The fog of war seems to have closed back in. “I have warned from the very beginning about expecting some sort of magical thing to happen in September,” Snow told the White House press corps, whose collective recollection was somewhat different. “What I’m saying is, in September you’ll have an opportunity to have metrics.”

Just doin’ the White House jive.

This is not about what’s good for America, or for Iraq. It’s not about bringing Democracy to anyone. It’s not about victory. It’s not even about defeating terrorism.

It’s about Bush’s ego. It’s about keeping troops in Iraq as long as he is President so he doesn’t have to admit he has failed.

I’ve said many times that the whole point of the “surge” was to short-circuit support on Capitol Hill for the Baker Iraq Study Group plan. The ISG plan, tepid as it was, might very well have been supported by a veto-proof majority in Congress. If it had, it would have meant that Bush no longer had total control of the U.S. military action in Iraq. And that’s the one and only reason the ISG was kneecapped by the White House.

Now, my suspicion is that at least some Democrats in Congress realize this. I can’t prove it, but I believe it to be so. They just don’t think they have the political capital to come out and say “the President of the United States is a psychopath.” So they keep making speeches about how they hope the President will see reason and start playing well with others, knowing full well he’s not capable of either. These speeches are not for Bush, but for the media and the constituents.

There’s not much else the White House can do to postpone the inevitable except kick the can down the road, and they hope they can keep kicking that can until January 2009. You might recall that less than a month ago the White House was talking about a “post-surge” strategy. And this “new” strategy, as explained by David Ignatius, sounded remarkably like the same shit that was in the old “Strategy for Victory” they trotted out in December 2005. And that strategy was just the same old talking points, warmed over, that they’d been repeating since, oh, about summer of 2003, as I recall.

But this most recent “new” strategy was run up a flagpole just about three weeks ago, and I guess no one saluted. It was so lame even the hawks didn’t pay much attention to it. The terminally clueless David Ignatius wrote on May 22, 2007 (this year, note):

The post-surge policy would, in many ways, track the recommendations of the Baker-Hamilton report, which senior administration officials say the president now supports. It also reflects the administration’s recognition that, given political realities in Washington, some policy adjustments must be made. The goal is an approach that would have sufficient bipartisan support so it could be sustained even after the Bush administration leaves office in early 2009.

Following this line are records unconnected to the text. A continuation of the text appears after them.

From HB Require Import structures.
From mathcomp Require Import all_boot all_order all_algebra.
From mathcomp Require Import all_classical all_reals all_analysis.
From mathcomp Require Import zify ring lra.
Import Order.TTheory GRing.Theory Num.Theory numFieldNormedType.Exports.
Set Implicit Arguments. Unset Strict Implicit. Unset Printing Implicit Defensive.

(* If PUR can reject within its first k iterations, then Phi contains a
   witness: a set I of s <= k variables such that every i in I is the head
   of a clause x_i \/ ~S_i of Phi with S_i \subset I, and some negative
   clause ~S of Phi has S \subset I.  Listing I as a duplicate-free sequence
   t, the s + 1 required clauses lie in pairwise disjoint classes of at most
   2^s Horn clauses each, so m independent uniform draws among the at least
   n 2^n Horn clauses hit all of them with probability at most
   (m 2^s / (n 2^n))^(s+1) <= (c 2^s / n)^(s+1).  Summing over the n^s
   sequences t and over s <= k bounds the probability of rejection by a
   constant depending only on c and k, divided by n. *)

Lemma leq_expnS_binomial (m r : nat) : m ^ r + r * m ^ r.-1 <= m.+1 ^ r.
Proof.
case: r => [|r] /=; first by rewrite !expn0.
elim: r => [|r IH]; first by rewrite !expn1 mul1n expn0 addn1.
rewrite [m.+1 ^ r.+2]expnS [m ^ r.+2]expnS [m ^ r.+1]expnS.
move: IH; rewrite /= expnS; set a := m ^ r; set b := m.+1 ^ r.+1.
nia.
Qed.

Section HittingTuples.
Variable T : finType.
Implicit Types (L : seq {set T}) (A : {set T}).

Definition hits_all L (s : seq T) : bool :=
  all (fun A : {set T} => has (fun x => x \in A) s) L.

Definition n_hitting m L : nat := \sum_(t : m.-tuple T) hits_all L t.

Definition disjoint_sets L := forall x, count (fun A : {set T} => x \in A) L <= 1.

Lemma disjoint_sets_rem L A : disjoint_sets L -> disjoint_sets (rem A L).
Proof. by move=> dL x; rewrite count_rem (leq_trans (leq_subr _ _)). Qed.

Lemma sum_tupleS m (F : m.+1.-tuple T -> nat) :
  \sum_(t : m.+1.-tuple T) F t = \sum_(x : T) \sum_(t : m.-tuple T) F [tuple of x :: t].
Proof.
rewrite pair_big /= (reindex (fun p : T * m.-tuple T => [tuple of p.1 :: p.2])) //=.
exists (fun t => (thead t, [tuple of behead t])).
  by move=> [x t] _ /=; congr (_, _); apply: val_inj.
by move=> t _; rewrite [in RHS](tuple_eta t).
Qed.

(* Since the sets of [L] are disjoint, the first entry [x] hits at most one of
   them; if it hits [A], the rest must hit the others. *)
Lemma hits_all_cons L x (s : seq T) : disjoint_sets L ->
  hits_all L (x :: s) <= hits_all L s + \sum_(A <- L) (x \in A) * hits_all (rem A L) s.
Proof.
move=> dL; case: (boolP (has (fun A : {set T} => x \in A) L)) => [/hasP[A AL xA]|noA].
  rewrite (perm_big _ (perm_to_rem AL)) big_cons xA mul1n addnCA.
  apply: leq_trans (leq_addr _ _); case: (boolP (hits_all L (x :: s))) => // hL.
  have xRem : ~~ has (fun B : {set T} => x \in B) (rem A L).
    have := dL x; rewrite has_count (permP (perm_to_rem AL)) /= xA.
    by rewrite add1n ltnS leqn0 => /eqP ->.
  rewrite lt0b; apply/allP => B BR; have /= /orP[xB|//] := allP hL B (mem_rem BR).
  by case/hasP: xRem; exists B.
apply: leq_trans (leq_addr _ _); apply/eq_leq.
congr (nat_of_bool _); apply: eq_in_all => B BL /=.
by have -> : (x \in B) = false by apply: contraNF noA => xB; apply/hasP; exists B.
Qed.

Notice they even tried to package the “post-surge” plan as something like ISG Lite (less filling! tastes great!) just to increase its marketing appeal, even though it resembled the Baker-Hamilton report about as much as a table resembles a horse.

Senior officials discussed the outlines of a “post-surge” policy late last week in what they said was an effort to build bipartisan support from Congress and the American public. Their comments appeared to be a trial balloon aimed at testing whether a Baker-Hamilton approach could gain traction in Washington. The description of a post-surge policy focused on elements that Democrats say they would continue to support, such as training the Iraqi military and hunting al-Qaeda, even as they set a timetable for withdrawing combat forces.

As I said, it was so lame, and so obviously just the same old hash in a new can, that even Republicans in Congress brushed it off. So now in less than three weeks the White House has gone from talking “post-surge” to kicking the surge can further down the road. It’s all they’ve got left.

Every now and then someone will demand to know what Petraeus could possibly say in September that will make a dime’s worth of difference to anybody. And the answer is, nothing. The “September strategy” never had anything to do with what Patraeus might say. It’s all just theater.

Waiting for General Petraeus’s September report is a bit like watching the first act of Il barbiere di Siviglia and waiting for the bass/baritone playing Figaro to trot out and sing “Largo al factotum.” Except without the orchestra, of course. You know exactly when he’s supposed to enter and every note he’s supposed to sing. The only question is whether he can get through all the “Pronto prontissimo” stuff without tying his tongue up in knots. It’s just a role, in other words.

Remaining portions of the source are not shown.